Very nice! What is this species?
Mackenzie


----------



## xhexdx (May 21, 2010)

Haplopelma hainanum.


----------



## Pearty (May 21, 2010)

thanks for posting the A.moderatum size pic joe. looks amazing, our's is about 1/2 an inch smaller i reckon. awesome pic's mate, some sweet T's.


----------



## xhexdx (May 21, 2010)

Thanks. 

Thanks to everyone who has commented, actually. :worship:


----------



## photobuggirl (May 21, 2010)

What beautiful legs...and a nice looking butt to boot.  What's this little guy?


----------



## xhexdx (May 21, 2010)

MM Cyriocosmus ritae.


----------



## Protectyaaaneck (May 22, 2010)

Still gotta get myself some of those.  Probably my favorite out of the genus...

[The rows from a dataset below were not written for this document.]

Lemma move_fibres i L : L != lab i ->
  move (fibres lab) i (fibre lab L) = fibres (fwith i L lab).
Proof.
move=> Li; apply/setP => X; rewrite /move pblock_fibres inE.
apply/andP/fibresP => [[XA X0]|[v -> X0]].
- move: XA X0; rewrite !inE; case/or3P=> [/and3P[XL Xi /fibresP[v EX _]]|/eqP->|/eqP->] X0.
  + move: XL Xi; rewrite EX in X0 *; rewrite !fibre_eq // => vL vi.
    exists v => //.
    by rewrite fibre_update (negbTE vL) fibre_setD1 // eq_sym.
  + by exists (lab i) => //; rewrite fibre_update eq_sym (negbTE Li).
  + by exists L => //; rewrite fibre_update eqxx.
- split=> //; move: X0; rewrite fibre_update !inE.
  have [_ _|vL] := eqVneq v L; first by rewrite eqxx !orbT.
  have [-> _|vi] := eqVneq v (lab i); first by rewrite eqxx orbT.
  rewrite fibre_setD1 1?[lab i == v]eq_sym // => X0.
  have vP : fibre lab v \in fibres lab by apply/fibresP; exists v.
  by rewrite !fibre_eq // vL vi vP.
Qed.

Lemma IS_deviation_fwith (prefS : 'I_n -> nat -> nat -> bool) i L :
  L != lab i ->
  sprefS prefS i #|fibre lab L|.+1 #|fibre lab (lab i)| ->
  (forall j, lab j = L -> prefS j #|fibre lab L|.+1 #|fibre lab L|) ->
  IS_deviation prefS (fibres lab) (fibres (fwith i L lab)).
Proof.
move=> Li better welcome; exists i, (fibre lab L).
have iL : i \notin fibre lab L by rewrite inE eq_sym.
rewrite pblock_fibres cardsU1 iL add1n move_fibres //; split; last first.
  by split=> //; split=> // j; rewrite inE => /eqP /welcome.
have [->|L0] := eqVneq (fibre lab L) set0; [by right | left].
by split; [apply/fibresP; exists L | rewrite fibre_eq].
Qed.

End Deviations.

Definition rank_pref (r : seq nat) (x y : nat) : bool := index x r <= index y r.

Definition precedes (a : seq nat) (x y : nat) : bool := index x a < index y a.

Definition single_peaked_along (a r s : seq nat) : bool :=
  all (fun x => all (fun y => all (fun z =>
    ((precedes a x y && precedes a y z) || (precedes a z y && precedes a y x)) ==>
    (rank_pref r x y && ~~ rank_pref r y x) ==> rank_pref r y z) s) s) s.

Lemma mem_sizes n x : (x \in iota 1 n) = in_sizes n x.
Proof. by rewrite mem_iota /in_sizes add1n ltnS. Qed.

Section RankingGames.

Variables (n : nat) (r : 'I_n -> seq nat).

Lemma is_AHG_rank : is_AHG (fun i => rank_pref (r i)).
Proof.
by move=> i; split=> [x y _ _|x y z _ _ _]; [apply: leq_total | apply: leq_trans].
Qed.

Lemma strict_prefs_rank :
  (forall i, {subset iota 1 n <= r i}) -> strict_prefs (fun i => rank_pref (r i)).
Proof.
move=> complete i x y; rewrite -!mem_sizes => /(complete i) xr /(complete i) yr xy yx.
by apply: (index_inj 0 xr yr); exact/anti_leq/andP.
Qed.

Lemma strict_linear_order_precedes (a : seq nat) :
  {subset iota 1 n <= a} -> strict_linear_order_on n (precedes a).
Proof.
move=> complete; split; [|split].
- by move=> x _; rewrite /precedes ltnn.
- by move=> x y z _ _ _ xy yz; apply: ltn_trans yz.
move=> x y; rewrite -!mem_sizes => /complete xa /complete ya neq_xy.
rewrite /precedes; case: ltngtP => [_|_|E]; [by left | by right |].
by case: neq_xy; apply: (index_inj 0 xa ya).
Qed.

Lemma generally_single_peaked_rank (a : seq nat) :
  {subset iota 1 n <= a} -> (forall i, single_peaked_along a (r i) (iota 1 n)) ->
  generally_single_peaked (fun i => rank_pref (r i)).
Proof.
move=> complete sp; exists (precedes a); split; first exact: strict_linear_order_precedes.
move=> i x y z; rewrite -!mem_sizes => xs ys zs between.
by move: (sp i) => /allP/(_ x xs)/allP/(_ y ys)/allP/(_ z zs)/implyP/(_ between)/implyP.
Qed.

End RankingGames.

Section Runs.

Variables (n : nat) (pref : nat -> nat -> nat -> bool).

Definition partition_of (l : nat -> nat) : {set {set 'I_n}} :=
  fibres (fun i : 'I_n => l i).

Definition label_count (l : nat -> nat) (v : nat) : nat :=
  count (fun k => l k == v) (iota 0 n).
Lemma uniformly_Cauchy_uniform_limit {I : Type} (u : nat -> I -> R) :
  (forall eps, 0 < eps -> exists N, forall n m z,
      (N <= n)%nat -> (N <= m)%nat -> Rabs (u n z - u m z) < eps) ->
  exists L : I -> R, forall eps, 0 < eps -> exists N, forall n z,
      (N <= n)%nat -> Rabs (u n z - L z) < eps.
Proof.
  intro Hu.
  assert (Hc : forall z, Cauchy_crit (fun n => u n z)).
  { intros z eps He. destruct (Hu eps He) as [N HN]. exists N.
    intros n m Hn Hm. now apply HN. }
  exists (fun z => proj1_sig (R_complete _ (Hc z))).
  intros eps He. destruct (Hu (eps / 2)) as [N HN]; [lra|].
  exists N. intros n z Hn. destruct (R_complete _ (Hc z)) as [l Hl]; simpl.
  destruct (Hl (eps / 2)) as [N' HN']; [lra|].
  set (m := Nat.max N N').
  specialize (HN' m ltac:(lia)). specialize (HN n m z Hn ltac:(lia)). unfold Rdist in HN'.
  replace (u n z - l) with ((u n z - u m z) + (u m z - l)) by ring.
  eapply Rle_lt_trans; [apply Rabs_triang | lra].
Qed.

Section BoundedFunctions.
Context {I : Type}.
Hypothesis hI : inhabited I.

Lemma bounded_fun_diff_bounded (f g : bounded_fun I) :
  exists M, forall z, Rabs (proj1_sig f z - proj1_sig g z) <= M.
Proof.
  destruct f as [f [M1 H1]], g as [g [M2 H2]]. exists (M1 + M2). intro z. simpl.
  unfold Rminus. eapply Rle_trans; [apply Rabs_triang|]. rewrite Rabs_Ropp.
  pose proof (H1 z). pose proof (H2 z). lra.
Qed.

Lemma sup_dist_ub (f g : bounded_fun I) z :
  Rabs (proj1_sig f z - proj1_sig g z) <= sup_dist f g.
Proof. destruct (bounded_fun_diff_bounded f g) as [M HM]. exact (supR_ub _ M HM z). Qed.

Lemma sup_dist_le (f g : bounded_fun I) b :
  (forall z, Rabs (proj1_sig f z - proj1_sig g z) <= b) -> sup_dist f g <= b.
Proof. exact (supR_le _ b hI). Qed.

Lemma sup_dist_is_metric : is_metric (@sup_dist I).
Proof.
  destruct hI as [i0]. split.
  - intro f. apply Rle_antisym.
    + apply sup_dist_le. intro z. rewrite Rminus_diag_eq, Rabs_R0 by reflexivity. lra.
    + eapply Rle_trans; [apply Rabs_pos | apply (sup_dist_ub f f i0)].
  - intros f g H. apply eq_sig_hprop; [intros; apply proof_irrelevance|].
    apply functional_extensionality. intro z.
    pose proof (sup_dist_ub f g z). pose proof (Rle_abs (proj1_sig f z - proj1_sig g z)).
    pose proof (Rle_abs (proj1_sig g z - proj1_sig f z)) as Hgf.
    rewrite Rabs_minus_sym in Hgf. lra.
  - intros f g. apply Rle_antisym; apply sup_dist_le; intro z;
      rewrite Rabs_minus_sym; apply sup_dist_ub.
  - intros f g h. apply sup_dist_le. intro z.
    replace (proj1_sig f z - proj1_sig h z)
      with ((proj1_sig f z - proj1_sig g z) + (proj1_sig g z - proj1_sig h z)) by ring.
    eapply Rle_trans; [apply Rabs_triang|].
    pose proof (sup_dist_ub f g z). pose proof (sup_dist_ub g h z). lra.
Qed.

Lemma sup_dist_complete : metric_complete (@sup_dist I).
Proof.
  intros u Hu.
  destruct (uniformly_Cauchy_uniform_limit (fun n => proj1_sig (u n))) as [L HL].
  { intros eps He. destruct (Hu eps He) as [N HN]. exists N. intros n m z Hn Hm.
    eapply Rle_lt_trans; [apply sup_dist_ub | now apply HN]. }
  assert (L_bounded : exists M, forall z, Rabs (L z) <= M).
  { destruct (HL 1 Rlt_0_1) as [N HN]. destruct (proj2_sig (u N)) as [M HM].
    exists (M + 1). intro z. pose proof (HN N z (le_n _)). pose proof (HM z).
    replace (L z) with (proj1_sig (u N) z - (proj1_sig (u N) z - L z)) by ring.
    unfold Rminus at 1. eapply Rle_trans; [apply Rabs_triang|]. rewrite Rabs_Ropp. lra. }
  exists (exist _ L L_bounded). intros eps He.
  destruct (HL (eps / 2)) as [N HN]; [lra|]. exists N. intros n Hn.
  assert (sup_dist (exist _ L L_bounded) (u n) <= eps / 2).
  { apply sup_dist_le. intro z. simpl. rewrite Rabs_minus_sym. left. now apply HN. }
  pose proof (metric_ge0 _ sup_dist_is_metric (exist _ L L_bounded) (u n)).
  unfold Rdist. rewrite Rminus_0_r, Rabs_right; lra.
Qed.

End BoundedFunctions.
Lemma anchored_closed U : closed (induced_rel (@cw_e R) U) (anchored U).
Proof.
move=> z z' /and3P[zU z'U]; rewrite ![_ \in anchored U]unfold_in /anchored zU z'U /=.
case: z z' zU z'U => [u | [b k]] [w | [b' k']] zU z'U //.
- by move/mixed_attach=> bu; apply/esym/existsP; exists u; rewrite bu.
- by move/mixed_attach=> bw; apply/existsP; exists w; rewrite bw.
- by case/and4P=> _ /eqP<-.
Qed.

Lemma shadow_adj U z z' : anchored U z -> anchored U z' -> cw_e z z' ->
  tri_adj (pos (shadow U z)) (pos (shadow U z')).
Proof.
case: z z' => [u | [b k]] [w | [b' k']] zA z'A.
- by case/and4P=> _ _ /grid_tri_adj.
- by move/mixed_attach=> bu; case/andP: (shadow_inr z'A) => bw _; apply: attach_tri_adj bu bw.
- by move/mixed_attach=> bw; case/andP: (shadow_inr zA) => bu _; apply: attach_tri_adj bu bw.
- case/and4P=> _ /eqP eb _ _; subst b'.
  case/andP: (shadow_inr zA) => bu _; case/andP: (shadow_inr z'A) => bw _.
  exact: attach_tri_adj bu bw.
Qed.

Definition wall_shadow U : pred (nat * nat) := fun x => [exists u, (inl u \in U) && (pos u == x)].

Lemma wall_walk U u w : inl u \in U -> connect (induced_rel (@cw_e R) U) (inl u) (inl w) ->
  tri_walk (wall_shadow U) (pos u) (pos w).
Proof.
move=> uU /connectP[p p_path p_last].
have anch : all (anchored U) (inl u :: p).
  apply/allP=> z /(path_connect p_path) uz.
  rewrite -[anchored U z]/(z \in anchored U) -(closed_connect (@anchored_closed U) uz).
  by rewrite -[_ \in _]/(anchored U (inl u)) /anchored uU.
pose f z := pos (shadow U z).
exists (map f p); split.
- apply: (homo_path_in (P := anchored U) _ anch p_path) => z z' zA z'A.
  by case/and3P=> _ _; apply: shadow_adj.
- by rewrite -[pos u]/(f (inl u)) last_map -p_last.
- rewrite -[pos u]/(f (inl u)) -map_cons; apply/allP=> _ /mapP[z zp ->].
  by apply/existsP; exists (shadow U z); rewrite eqxx andbT shadow_mem // (allP anch).
Qed.

Lemma wall_shadow_disjoint U U' x : [disjoint U & U'] -> wall_shadow U x -> ~~ wall_shadow U' x.
Proof.
move=> disj /existsP[u /andP[uU /eqP<-]]; apply/existsP=> -[w /andP[wU' /eqP/pos_inj wu]].
by rewrite wu (disjointFr disj uU) in wU'.
Qed.

Lemma wallfree_in_brick A b k0 : connected_set (@cw_e R) A -> inr (b, k0) \in A ->
  (forall u, inl u \notin A) -> forall z, z \in A -> exists k, z = inr (b, k).
Proof.
move=> connA bA noWall z zA.
pose P := [pred z : cvertex R | if z is inr (b', _) then b' == b else false].
have closedP : closed (induced_rel (@cw_e R) A) P.
  move=> [u | [b1 k1]] [w | [b2 k2]] /and3P[xA yA]; rewrite ?(negbTE (noWall _)) // in xA yA.
  by case/and4P=> _ /eqP->.
have := closed_connect closedP (connA _ _ bA zA); rewrite !inE eqxx.
by case: z {zA} => [// | [b' k] /esym/eqP->]; exists k.
Qed.

Definition brick_slot b z : nat :=
  match z with
  | inl u => if is_x2 b u then 0 else if is_x3 b u then 1 else 2
  | inr (_, k) => k.+3
  end.
(* Let $\succcurlyeq$ be a preference relation on the set $\mathcal{B}$ of bets over a propositional language $\mathcal{L}$. The following are equivalent: (1) $\succcurlyeq$ satisfies Non-Triviality and Objective Expected Utility; (2) $\succcurlyeq$ is represented by a subjective model of uncertainty $(\Omega,t,\lambda)$ with $\lambda$ additive.
   Context: Let $\mathbb{P}$ be a set of propositional variables containing two distinguished propositions $\mathbf{T}$ (''true'') and $\mathbf{F}$ (''false''), and let $\mathcal{L}=\mathcal{L}(\mathbb{P})$ be the language generated from $\mathbb{P}$ by $\neg,\land,\lor$. A bet is a function $b:\mathcal{L}\to[0,1]$ with finite support $\mathrm{supp}(b)=\{\phi: b(\phi)>0\}$ and $\sum_{\phi\in\mathrm{supp}(b)} b(\phi)=1$; the primitive bet $b_\phi$ assigns $1$ to $\phi$ and $0$ elsewhere. The set $\mathcal{B}$ of bets is a mixture space under pointwise mixtures. $\succcurlyeq$ is a binary relation on $\mathcal{B}$ with symmetric part $\sim$ and asymmetric part $\succ$. For a set $\Omega$, a truth valuation is a map $t:\mathcal{L}\to 2^\Omega$ with $t(\mathbf{T})=\Omega$, $t(\mathbf{F})=\emptyset$. For a field of sets $\Sigma\subseteq 2^\Omega$, a likelihood appraisal is a map $\lambda:\Sigma\to[0,1]$ with $\lambda(\emptyset)=0$, $\lambda(\Omega)=1$; it is additive if $\lambda(A\cup B)=\lambda(A)+\lambda(B)$ whenever $A,B\in\Sigma$ are disjoint. A subjective model of uncertainty is a triple $(\Omega,t,\lambda)$ with $t$ a truth valuation and $\lambda$ a likelihood appraisal on a field $\Sigma\supseteq t(\mathcal{L})$. It represents $\succcurlyeq$ if for all $b,b'\in\mathcal{B}$: $b\succcurlyeq b'$ iff $\sum_{\phi\in\mathrm{supp}(b)} b(\phi)\lambda(t(\phi))\ge \sum_{\phi\in\mathrm{supp}(b')} b'(\phi)\lambda(t(\phi))$. Non-Triviality: $b_{\mathbf{T}}\succcurlyeq b_\phi\succcurlyeq b_{\mathbf{F}}$ for all $\phi\in\mathcal{L}$, and $b_{\mathbf{T}}\succ b_{\mathbf{F}}$. Objective Expected Utility: $\succcurlyeq$ is complete and transitive and satisfies the Archimedean (continuity) axiom and the Independence axiom with respect to mixtures in $\mathcal{B}$. *)

From Stdlib Require Import Reals Lra List ClassicalEpsilon.
Import ListNotations.
Open Scope R_scope.
Set Implicit Arguments.

Inductive form (P : Type) : Type :=
  | Var : P -> form P
  | Neg : form P -> form P
  | Conj : form P -> form P -> form P
  | Disj : form P -> form P -> form P.
Arguments Var {P} _.
Arguments Neg {P} _.
Arguments Conj {P} _ _.
Arguments Disj {P} _ _.

Fixpoint lsum {A : Type} (f : A -> R) (s : list A) : R :=
  match s with [] => 0 | x :: s' => f x + lsum f s' end.

Definition covers {P : Type} (b : form P -> R) (s : list (form P)) : Prop :=
  NoDup s /\ (forall phi, b phi > 0 -> In phi s).

(** A bet: b : L -> [0,1] with finite support and total mass 1
    (the sum over a duplicate-free list covering the support equals the sum
    over the support, since the other terms vanish). *)
Definition is_bet {P : Type} (b : form P -> R) : Prop :=
  (forall phi, 0 <= b phi <= 1) /\
  exists s, covers b s /\ lsum b s = 1.

Definition prim_bet {P : Type} (phi : form P) : form P -> R :=
  fun psi => if excluded_middle_informative (psi = phi) then 1 else 0.

Definition mix {P : Type} (a : R) (b b' : form P -> R) : form P -> R :=
  fun phi => a * b phi + (1 - a) * b' phi.

Definition strict {X : Type} (pref : X -> X -> Prop) (x y : X) : Prop :=
  pref x y /\ ~ pref y x.

Definition NonTriviality {P : Type} (pT pF : P) (pref : (form P -> R) -> (form P -> R) -> Prop) : Prop :=
  (forall phi, pref (prim_bet (Var pT)) (prim_bet phi) /\
               pref (prim_bet phi) (prim_bet (Var pF))) /\
  strict pref (prim_bet (Var pT)) (prim_bet (Var pF)).

Definition ObjectiveEU {P : Type} (pref : (form P -> R) -> (form P -> R) -> Prop) : Prop :=
  (forall b b', is_bet b -> is_bet b' -> pref b b' \/ pref b' b) /\
  (forall b b' b'', is_bet b -> is_bet b' -> is_bet b'' ->
     pref b b' -> pref b' b'' -> pref b b'') /\
  (forall b b' b'', is_bet b -> is_bet b' -> is_bet b'' ->
     strict pref b b' -> strict pref b' b'' ->
     exists a c, 0 < a < 1 /\ 0 < c < 1 /\
       strict pref (mix a b b'') b' /\ strict pref b' (mix c b b'')) /\
  (forall b b' b'' a, is_bet b -> is_bet b' -> is_bet b'' -> 0 < a < 1 ->
     (pref b b' <-> pref (mix a b b'') (mix a b' b''))).

Definition is_field {Omega : Type} (Sigma : (Omega -> Prop) -> Prop) : Prop :=
  Sigma (fun _ => True) /\
  (forall A, Sigma A -> Sigma (fun w => ~ A w)) /\
  (forall A B, Sigma A -> Sigma B -> Sigma (fun w => A w \/ B w)).

Definition truth_valuation {P Omega : Type} (pT pF : P)
  (t : form P -> (Omega -> Prop)) : Prop :=
  t (Var pT) = (fun _ => True) /\ t (Var pF) = (fun _ => False).

Definition likelihood_appraisal {Omega : Type} (Sigma : (Omega -> Prop) -> Prop)
  (lam : (Omega -> Prop) -> R) : Prop :=
  (forall A, Sigma A -> 0 <= lam A <= 1) /\
  lam (fun _ => False) = 0 /\ lam (fun _ => True) = 1.

Definition additive {Omega : Type} (Sigma : (Omega -> Prop) -> Prop)
  (lam : (Omega -> Prop) -> R) : Prop :=
  forall A B, Sigma A -> Sigma B -> (forall w, ~ (A w /\ B w)) ->
    lam (fun w => A w \/ B w) = lam A + lam B.

(** Expected value: sum over supp(b) of b(phi) * u(phi), computed over any
    duplicate-free list covering the support (independent of the list). *)
Definition exp_value {P : Type} (b : form P -> R) (u : form P -> R) (s : list (form P)) : R :=
  lsum (fun phi => b phi * u phi) s.

Definition represents {P Omega : Type} (t : form P -> (Omega -> Prop))
  (lam : (Omega -> Prop) -> R) (pref : (form P -> R) -> (form P -> R) -> Prop) : Prop :=
  forall b b', is_bet b -> is_bet b' ->
    forall s s', covers b s -> covers b' s' ->
      (pref b b' <-> exp_value b (fun phi => lam (t phi)) s >=
                     exp_value b' (fun phi => lam (t phi)) s').

Definition additive_subjective_representation {P : Type} (pT pF : P)
  (pref : (form P -> R) -> (form P -> R) -> Prop) : Prop :=
  exists (Omega : Type) (t : form P -> (Omega -> Prop))
         (Sigma : (Omega -> Prop) -> Prop) (lam : (Omega -> Prop) -> R),
    truth_valuation pT pF t /\ is_field Sigma /\ (forall phi, Sigma (t phi)) /\
    likelihood_appraisal Sigma lam /\ additive Sigma lam /\
    represents t lam pref.

(* (2) => (1): the expected value of a bet under an additive appraisal is affine
   in the bet, so the preference it induces is complete, transitive, Archimedean
   and independent, and ranks b_T above b_F.
   (1) => (2): the von Neumann-Morgenstern argument. By monotonicity of the
   mixtures a b_T + (1 - a) b_F in a, completeness of R and the Archimedean
   axiom, every bet is indifferent to one of them; let u phi be the weight
   calibrating b_phi. Writing a bet as a mixture of a primitive bet and a bet
   of smaller support, independence shows that every bet b is calibrated by the
   expected value of u under b, which therefore represents the preference.
   Finally any u : L -> [0,1] with u T = 1 and u F = 0 is lambda o t for
   Lebesgue measure on [0,1) and the half-lines t phi = (-oo, u phi). *)

From Pilot Require Import Defs.
From Stdlib Require Import Reals Lra List Permutation ClassicalEpsilon FunctionalExtensionality.
Open Scope R_scope.

Section ListSum.
Context {A : Type}.
Implicit Types (f g : A -> R) (s : list A).

Lemma lsum_ext_in f g s : (forall x, In x s -> f x = g x) -> lsum f s = lsum g s.
Proof.
  induction s as [|x s IH]; intros H; cbn [lsum]; [reflexivity|].
  rewrite (H x (or_introl eq_refl)), IH; [reflexivity|].
  intros y Hy; apply H; right; exact Hy.
Qed.

Lemma lsum_lin f g a c s :
  lsum (fun x => a * f x + c * g x) s = a * lsum f s + c * lsum g s.
Proof. induction s as [|x s IH]; cbn [lsum]; [|rewrite IH]; ring. Qed.

Lemma lsum_mult_r f c s : lsum (fun x => f x * c) s = lsum f s * c.
Proof. induction s as [|x s IH]; cbn [lsum]; [|rewrite IH]; ring. Qed.

Lemma lsum_le f g s : (forall x, In x s -> f x <= g x) -> lsum f s <= lsum g s.
Proof.
  induction s as [|x s IH]; intros H; cbn [lsum]; [lra|].
  pose proof (H x (or_introl eq_refl)).
  assert (lsum f s <= lsum g s) by (apply IH; intros y Hy; apply H; right; exact Hy).
  lra.
Qed.

Lemma lsum_nonneg f s : (forall x, In x s -> 0 <= f x) -> 0 <= lsum f s.
Proof.
  induction s as [|x s IH]; intros H; cbn [lsum]; [lra|].
  pose proof (H x (or_introl eq_refl)).
  assert (0 <= lsum f s) by (apply IH; intros y Hy; apply H; right; exact Hy).
  lra.
Qed.

Lemma lsum_ge_elem f s x :
  (forall y, In y s -> 0 <= f y) -> In x s -> f x <= lsum f s.
Proof.
  induction s as [|y s IH]; intros H Hx; cbn [lsum]; [contradiction|].
  assert (Hs : forall z, In z s -> 0 <= f z) by (intros z Hz; apply H; right; exact Hz).
  destruct Hx as [<-|Hx].
  - pose proof (lsum_nonneg f s Hs). lra.
  - pose proof (IH Hs Hx). pose proof (H y (or_introl eq_refl)). lra.
Qed.

Lemma lsum_perm f s1 s2 : Permutation s1 s2 -> lsum f s1 = lsum f s2.
Proof. induction 1; cbn [lsum]; lra. Qed.

Definition support_of f s : list A :=
  filter (fun x => if Req_dec_T (f x) 0 then false else true) s.

Lemma lsum_support_of f s : lsum f (support_of f s) = lsum f s.
Proof.
  induction s as [|x s IH]; cbn [lsum support_of filter]; [reflexivity|].
  fold (support_of f s).
  destruct (Req_dec_T (f x) 0) as [Hx|Hx]; cbn [lsum]; rewrite IH; lra.
Qed.

(* The nonzero parts of [s1] and [s2] are permutations of each other. *)
Lemma lsum_support_indep f s1 s2 :
  NoDup s1 -> NoDup s2 ->
  (forall x, f x <> 0 -> In x s1) -> (forall x, f x <> 0 -> In x s2) ->
  lsum f s1 = lsum f s2.
Proof.
  intros N1 N2 C1 C2.
  rewrite <- (lsum_support_of f s1), <- (lsum_support_of f s2).
  apply lsum_perm, NoDup_Permutation; try (apply NoDup_filter; assumption).
  intros x. unfold support_of. rewrite !filter_In.
  destruct (Req_dec_T (f x) 0) as [Hx|Hx]; [split; intros [_ Hf]; discriminate|].
  split; intros _; split; auto.
Qed.

End ListSum.

Section Bets.
Context {P : Type}.
Implicit Types (b u : form P -> R) (phi psi : form P) (s : list (form P)).

Definition form_eq_dec phi psi : {phi = psi} + {phi <> psi} :=
  excluded_middle_informative (phi = psi).
Lemma binomrS_shift x j : binomr x j.+1 = binomr (x - 1) j * x / j.+1%:R.
Proof.
rewrite /binomr big_ord_recl /= subr0 factS natrM.
under eq_bigr => i _ do rewrite /bump leq0n add1n -addn1 natrD opprD addrA addrAC.
have jfact_neq0 : (j`!)%:R != 0 :> R by rewrite pnatr_eq0 -lt0n fact_gt0.
by field; rewrite jfact_neq0 andbT addrC natr1 pnatr_eq0.
Qed.

Lemma binomr_pascal x j :
  binomr x j.+1 = binomr (x - 1) j.+1 + binomr (x - 1) j.
Proof.
rewrite binomrS_shift binomrS -natr1.
have j1_neq0 : j%:R + 1 != 0 :> R by rewrite natr1.
by field.
Qed.

Lemma binomr_ge0 x j : j.-1%:R <= x -> 0 <= binomr x j.
Proof.
move=> hx; rewrite divr_ge0 // prodr_ge0 // => i _.
rewrite subr_ge0 (le_trans _ hx) // ler_nat; case: j i hx => [[]//|j] i /= _.
by rewrite -ltnS.
Qed.

Lemma continuous_binomr j : continuous (fun x : R => binomr x j).
Proof.
have -> : (fun x : R => binomr x j) =
    horner ((\prod_(i < j) ('X - i%:R%:P)) * (j`!%:R)^-1%:P).
  apply: funext => x; rewrite /binomr hornerM hornerC horner_prod.
  by under [in RHS]eq_bigr do rewrite hornerXsubC.
exact: continuous_horner.
Qed.

Lemma binomr_ivt j x c : j%:R <= x -> 0 <= c -> c <= binomr x j.+1 ->
  exists2 z, j%:R <= z <= x & binomr z j.+1 = c.
Proof.
move=> hx c0 cb.
have [z zjx <-] : exists2 z, z \in `[j%:R, x] & binomr z j.+1 = c.
  apply: IVT => //; first exact/continuous_subspaceT/continuous_binomr.
  by rewrite binomrS subrr mulr0 mul0r ge_min le_max c0 cb orbT.
by exists z; first by rewrite in_itv /= in zjx.
Qed.

End RealBinomial.

Section LovaszKruskalKatona.
Variables (R : realType) (n : nat).

Definition lovasz_shadow_bound j := forall (G : {set {set 'I_n}}) (x : R),
  uniform j.+1 G -> (0 < #|G|)%N -> j%:R <= x -> binomr x j.+1 <= #|G|%:R ->
  binomr x j <= #|shadow j.+1 G|%:R.

Lemma lovasz_shadow_bound0 : lovasz_shadow_bound 0.
Proof. by move=> G x uG G0 _ _; rewrite binomr0 ler1n card_shadow_gt0. Qed.

Lemma degree_shadow_ratio j (G : {set {set 'I_n}}) (x : R) (v : 'I_n) :
  lovasz_shadow_bound j -> uniform j.+2 G -> j.+1%:R <= x ->
  #|shadow j.+2 G|%:R < binomr x j.+1 ->
  j.+1%:R * (degree v G)%:R <= (x - j.+1%:R) * (degree v (shadow j.+2 G))%:R.
Proof.
move=> IH uG hx hs.
set d := degree v G; set d' := degree v (shadow j.+2 G).
have uL : uniform j.+1 (link v G) := link_uniform (v := v) uG.
have shL : #|shadow j.+1 (link v G)|%:R <= d'%:R :> R.
  by rewrite ler_nat; apply: card_shadow_link.
have hx1 : j%:R <= x - 1 by rewrite lerBrDr natr1.
have [->|d_gt0] := posnP d; first by rewrite mulr0 mulr_ge0 // subr_ge0.
have L_gt0 : (0 < #|link v G|)%N by rewrite card_link.
(* Either the link is so large that Pascal's rule makes the shadow too large,
   or deg v = binom(z, j + 1) for some z in [j, x - 1] and the induction
   hypothesis applies to the link at z. *)
have [hd|hd] := leP (binomr (x - 1) j.+1) d%:R.
  have hd' : binomr (x - 1) j <= d'%:R.
    by apply: le_trans shL; apply: IH; rewrite ?card_link.
  have := degree_link_shadow v uG; rewrite -/d -/d' -(ler_nat R) natrD.
  by rewrite leNgt (lt_le_trans hs) // binomr_pascal lerD.
have [z /andP[jz zx] bz] := binomr_ivt hx1 (ler0n _ _) (ltW hd).
have hz : binomr z j <= d'%:R.
  by apply: le_trans shL; apply: IH; rewrite ?card_link ?bz.
rewrite -bz binomrS mulrC divfK ?pnatr_eq0 // mulrC.
apply: ler_pM => //.
- by rewrite subr_ge0.
- by apply: binomr_ge0; rewrite (le_trans _ jz) // ler_nat leq_pred.
- by rewrite -natr1; lra.
Qed.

Are those 1st instar h. incei up there?


----------



## photobuggirl (May 22, 2010)

xhexdx said:


> MM Cyriocosmus ritae.


Holy crap, I missed the hooks.  That guy is TINY!


----------



## xhexdx (May 22, 2010)

Protectyaaaneck said:


> Are those 1st instar h. incei up there?


Heh, no.  They're regalis and formosa.


----------



## xhexdx (May 22, 2010)

Speaking of incei though:


----------



## jamesgriff (May 22, 2010)

photobuggirl said:


> What beautiful legs...and a nice looking butt to boot.  What's this little guy?


what is this t? can u pm me the name please


----------



## Protectyaaaneck (May 22, 2010)

xhexdx said:


> Speaking of incei though:


Flippin the bird at ya.  lol  Nice pic.  

Congrats on the formosa and regalis, I didn't know you had bred them.


----------



## fartkowski (May 22, 2010)

Hahahaaha
I thought the same thing.
Nice pictures
Will you be breeding the C ritae?


----------



## xhexdx (May 22, 2010)

I'm trying to right now.  Neither seem very receptive to each other at the moment, but I cohabitated them for about 36 hours so it's anyone's guess.

I have a second, immature female and an immature male.  Both should mature around the same time, so I'll (hopefully) get another shot at that point too.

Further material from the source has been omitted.